So, there's me, sitting on the bench for the rest of the third quarter. Was I crying, you ask? Yes. I had just squandered my chance, everything I'd worked for was wasted. The immensity of the failure was impossible to ignore. I didn't start another varsity game that season.
That's a sad story, right? But, I skipped the ending. I didn't tell you what happened in the fourth quarter.
By the fourth quarter, our team had opened up a lead, and the coach decided to give me a few more minutes. I came into the game knowing I couldn't play worse than I had.
I got a pass on a breakaway and made a layup. Then a jumpshot from the left side. Then an and-1 (FT good) on another fast break. Then a 3-pointer (one of those that looked bad the whole way before kinda swishing through the side). Then, I was fouled on a jumpshot and made 1-of-2 free throws.
11 points in the 4th. More than any other role player scored in a game the whole season (with one exception).
The story isn't sad anymore.
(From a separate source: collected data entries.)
Lemma eq_mnm3 p q r p' q' r' : (mnm3 p q r == mnm3 p' q' r') = ((p, q, r) == (p', q', r')).
Proof.
apply/eqP/eqP => [E|[-> -> ->] //].
have := congr1 (fun m : 'X_{1..3} => (m i0, m i1, m i2)) E.
by rewrite /= !mnmDE !mulmnE !mnm1E /= !mul0n !mul1n !addn0 !add0n.
Qed.

Definition enc_word (w : word) : M3 := if xdeg w == 2%N then ymono 0 w else 0.

Lemma enc_word2x p q r : enc_word (word2x p q r) = tmono p q r.
Proof. by rewrite /enc_word xdeg_word2x ymono_word2x. Qed.

Lemma coef_enc_word w p q r : (enc_word w)@_(mnm3 p q r) = (w == word2x p q r)%:R.
Proof.
have [/xdeg2_word2x [p' [q' [r' ->]]]|xdeg_w] := eqVneq (xdeg w) 2%N.
  by rewrite enc_word2x tmonoE mcoeffX eq_mnm3 eq_word2x.
rewrite /enc_word (negbTE xdeg_w) mcoeff0.
by case: eqP => // w_eq; rewrite w_eq xdeg_word2x eqxx in xdeg_w.
Qed.

Lemma coefA_word2x a p q r : coefA a (word2x p q r) = (linext enc_word a)@_(mnm3 p q r).
Proof.
rewrite /coefA /linext raddf_sum big_mkcond /=; apply: eq_bigr => t _.
by rewrite mcoeffZ coef_enc_word; case: eqP; rewrite ?mulr1 ?mulr0.
Qed.

Lemma enc_word_mul a b : xhomog 1 a -> xhomog 1 b ->
  linext enc_word (Defs.mulA a b) = linext (ymono 0) a * linext (ymono 1) b.
Proof.
move=> /allP Ha /allP Hb.
rewrite /linext /Defs.mulA big_allpairs_dep /= mulr_suml big_seq [RHS]big_seq.
apply: eq_bigr => s /Ha /eqP xdeg_s.
rewrite mulr_sumr big_seq [RHS]big_seq; apply: eq_bigr => t /Hb /eqP xdeg_t /=.
rewrite /enc_word /xdeg count_cat -!/(xdeg _) xdeg_s xdeg_t /= ymono_cat xdeg_s.
by rewrite -scalerAl -scalerAr scalerA.
Qed.

Lemma ymono_mul_yl k a : linext (ymono k) (Defs.mulA (genA ly) a) = tvar k * linext (ymono k) a.
Proof.
rewrite /linext /Defs.mulA big_allpairs_dep /= big_cons big_nil addr0 mulr_sumr.
by apply: eq_bigr => t _ /=; rewrite mul1r scalerAr.
Qed.

Lemma ymono_mul_yr k a : xhomog 1 a ->
  linext (ymono k) (Defs.mulA a (genA ly)) = linext (ymono k) a * tvar k.+1.
Proof.
move=> /allP Ha.
rewrite /linext /Defs.mulA big_allpairs_dep /= mulr_suml big_seq [RHS]big_seq.
apply: eq_bigr => t /Ha /eqP xdeg_t /=.
by rewrite big_cons big_nil addr0 /= mulr1 ymono_cat xdeg_t addn1 /= mulr1 scalerAl.
Qed.

Lemma ymono_adyx k i : linext (ymono k) (adyx i) = (tvar k - tvar k.+1) ^+ i.
Proof.
elim: i => [|i IH]; first by rewrite /linext big_seq1 scale1r.
rewrite /adyx iterS -/(adyx i) /ad_y /brA linext_add linext_opp.
by rewrite ymono_mul_yl ymono_mul_yr ?xhomog_adyx // IH exprS mulrBl [_ * tvar _]mulrC.
Qed.

Lemma comp_mpoly2 k (P : {mpoly RR[2]}) (a b : {mpoly RR[k]}) :
  P \mPo [tuple a; b] = \sum_(m <- msupp P) P@_m *: (a ^+ m ord0 * b ^+ m ord_max).
Proof.
rewrite comp_mpolyE; apply: eq_bigr => m _; congr (_ *: _).
rewrite big_ord_recr big_ord_recr big_ord0 /= mul1r.
by congr (_ ^+ m _ * _); apply: val_inj.
Qed.

Definition d01 : M3 := tvar 0 - tvar 1.
Definition d12 : M3 := tvar 1 - tvar 2.

Definition lpoly (P : {mpoly RR[2]}) : M3 :=
  (P \mPo [tuple d01; d12]) - (P \mPo [tuple d12; d01]).

Lemma enc_lP P : linext enc_word (lP P) = lpoly P.
Proof.
rewrite /lP linext_flatten big_map /lpoly !comp_mpoly2 -sumrB.
apply: eq_bigr => m _; rewrite linext_scale /brA linext_add linext_opp.
by rewrite !enc_word_mul ?xhomog_adyx // !ymono_adyx scalerBr [d12 ^+ _ * _]mulrC.
Qed.

Definition xpos (w : word) : seq nat := [seq i <- iota 0 (size w) | nth ly w i == lx].

Lemma xpos_cons b w : xpos (b :: w) = (if b then [:: 0%N] else [::]) ++ map S (xpos w).
Proof.
rewrite /xpos /= -[1%N]/(1 + 0)%N iotaDl filter_map.
by rewrite (@eq_filter _ _ (fun i => nth ly w i == lx)) //; case: b.
Qed.

Lemma xpos_nseq_cat p w : xpos (nseq p ly ++ w) = map (addn p) (xpos w).
Proof.
elim: p => [|p IH]; first by rewrite map_id_in.
by rewrite /= xpos_cons IH -map_comp; apply: eq_map => i /=; rewrite addSn.
Qed.

Lemma xpos_x_word2x p q r : xpos (lx :: word2x p q r) = [:: 0%N; p.+1; (p + q).+2].
Proof.
rewrite /word2x -[nseq r ly]cats0.
rewrite xpos_cons xpos_nseq_cat xpos_cons xpos_nseq_cat xpos_cons xpos_nseq_cat /=.
by congr [:: _; _; _]; lia.
Qed.

Lemma rot_cat_cons (T : Type) n (s t : seq T) x : size s = n ->
  drop n.+1 (s ++ x :: t) ++ x :: take n (s ++ x :: t) = t ++ x :: s.
Proof.
by move=> <-; rewrite drop_cat take_cat ltnn ltnNge leqnSn subSnn subnn /= drop0 cats0.
Qed.

Lemma dx_tr_word_x_word2x p q r : dx_tr_word (lx :: word2x p q r) =
  [:: (1, word2x p q r); (1, word2x q r p); (1, word2x r p q)].
Proof.
rewrite /dx_tr_word -/(xpos _) xpos_x_word2x /= drop0 cats0.
have pq_size : size (nseq p ly ++ lx :: nseq q ly) = (p + q).+1.
  by rewrite size_cat /= !size_nseq addnS.
have -> : word2x p q r = (nseq p ly ++ lx :: nseq q ly) ++ lx :: nseq r ly.
  by rewrite /word2x -catA.
rewrite -catA (rot_cat_cons _ _ (size_nseq p ly)) catA (rot_cat_cons _ _ pq_size).
by rewrite /word2x -!catA.
Qed.

Definition rot1 : 3.-tuple M3 := [tuple tvar 2; tvar 0; tvar 1].
Definition rot2 : 3.-tuple M3 := [tuple tvar 1; tvar 2; tvar 0].

Definition cycsum (G : M3) : M3 := G + (G \mPo rot1) + (G \mPo rot2).

Lemma tmono_rot1 p q r : tmono p q r \mPo rot1 = tmono q r p.
Proof. rewrite /tmono !rmorphM !rmorphXn /= !comp_mpolyXU /=; ring. Qed.

Lemma tmono_rot2 p q r : tmono p q r \mPo rot2 = tmono r p q.
Proof. rewrite /tmono !rmorphM !rmorphXn /= !comp_mpolyXU /=; ring. Qed.

Lemma cycsum_linext (f : word -> M3) a : cycsum (linext f a) = linext (cycsum \o f) a.
Proof.
rewrite /cycsum /linext !raddf_sum -!big_split /=; apply: eq_bigr => t _.
by rewrite !comp_mpolyZ !scalerDr.
Qed.

Lemma enc_kappa l : xhomog 2 l -> linext enc_word (kappa l) = cycsum (linext enc_word l).
Proof.
move=> /allP Hl.
rewrite /kappa /dx_tr /Defs.mulA /= cats0 linext_flatten !big_map cycsum_linext.
rewrite /linext big_seq [RHS]big_seq; apply: eq_bigr => t /Hl /eqP /xdeg2_word2x [p [q [r ->]]].
rewrite -/(linext _ _) linext_scale mul1r dx_tr_word_x_word2x /linext !big_cons big_nil /=.
by rewrite !scale1r addr0 !enc_word2x /cycsum tmono_rot1 tmono_rot2 addrA.
Qed.

Lemma comp_mpoly2_comp k j (P : {mpoly RR[2]}) (a b : {mpoly RR[k]})
    (c : k.-tuple {mpoly RR[j]}) :
  (P \mPo [tuple a; b]) \mPo c = P \mPo [tuple a \mPo c; b \mPo c].
Proof.
rewrite !comp_mpoly2 raddf_sum; apply: eq_bigr => m _.
by rewrite /= comp_mpolyZ rmorphM !rmorphXn.
Qed.

Lemma comp_Xv k (a b : {mpoly RR[k]}) : Xv \mPo [tuple a; b] = a.
Proof. exact: comp_mpolyXU. Qed.

Lemma comp_Yv k (a b : {mpoly RR[k]}) : Yv \mPo [tuple a; b] = b.
Proof. exact: comp_mpolyXU. Qed.

Lemma comp_mpoly_antisym k (P : {mpoly RR[2]}) (a b : {mpoly RR[k]}) :
  P \mPo [tuple Yv; Xv] = - P -> P \mPo [tuple b; a] = - (P \mPo [tuple a; b]).
Proof. by move=> P_anti; rewrite -comp_mpolyN -P_anti comp_mpoly2_comp comp_Xv comp_Yv. Qed.

Lemma cycsum_lpoly (P : {mpoly RR[2]}) : P \mPo [tuple Yv; Xv] = - P ->
  cycsum (lpoly P) =
  lpoly (P - (P \mPo [tuple - Xv - Yv; Yv]) + (P \mPo [tuple - Xv - Yv; Xv])).
Proof.
move=> /comp_mpoly_antisym anti.
pose d20 : M3 := tvar 2 - tvar 0.
have d01_rot1 : d01 \mPo rot1 = d20 by rewrite rmorphB /= !comp_mpolyXU.
have d12_rot1 : d12 \mPo rot1 = d01 by rewrite rmorphB /= !comp_mpolyXU.
have d01_rot2 : d01 \mPo rot2 = d12 by rewrite rmorphB /= !comp_mpolyXU.
have d12_rot2 : d12 \mPo rot2 = d20 by rewrite rmorphB /= !comp_mpolyXU.
have d01_d12 : - d01 - d12 = d20 by rewrite /d20 /d01 /d12; ring.
have d12_d01 : - d12 - d01 = d20 by rewrite /d20 /d01 /d12; ring.
rewrite /cycsum /lpoly !rmorphB /= !comp_mpoly2_comp d01_rot1 d12_rot1 d01_rot2 d12_rot2.
rewrite !comp_mpolyD ?comp_mpolyB ?comp_mpolyN !comp_mpoly2_comp.
rewrite ?comp_mpolyB ?comp_mpolyD ?comp_mpolyN !comp_Xv !comp_Yv d01_d12 d12_d01.
rewrite (anti _ d01 d12) (anti _ d20 d01) (anti _ d12 d20).
ring.
Qed.

Theorem mainTheorem17 (P : {mpoly RR[2]}) :
  (P \mPo [tuple Yv; Xv]) = - P ->
  forall w : word,
    coefA (kappa (lP P)) w =
    coefA (lP (P - (P \mPo [tuple - Xv - Yv; Yv]) + (P \mPo [tuple - Xv - Yv; Xv]))) w.
Proof.
move=> P_anti w; have [/xdeg2_word2x [p [q [r ->]]]|xdeg_w] := eqVneq (xdeg w) 2%N.
  by rewrite !coefA_word2x enc_kappa ?xhomog_lP // !enc_lP cycsum_lpoly.
by rewrite !(coefA_xhomog_eq0 _ xdeg_w) ?xhomog_kappa ?xhomog_lP.
Qed.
I wasn't ready for varsity pressure, but I did have a high ceiling, potentially. The coaches changed their approach to me as a result of that first game. I was going to gain experience playing JV primarily. So, freshman year I was the go-to guy on the JV team, and it made me an immensely more confident player, and a leader. The next season I was a co-captain on the varsity team.
Fun game: you can measure how well you know me by the point in this blog where you realized it wasn't going to have a conclusion. Before I started writing? Tom Sawyer level. The title? Jon Gregg level. The first sentence? No excuse for missing that cue, folks.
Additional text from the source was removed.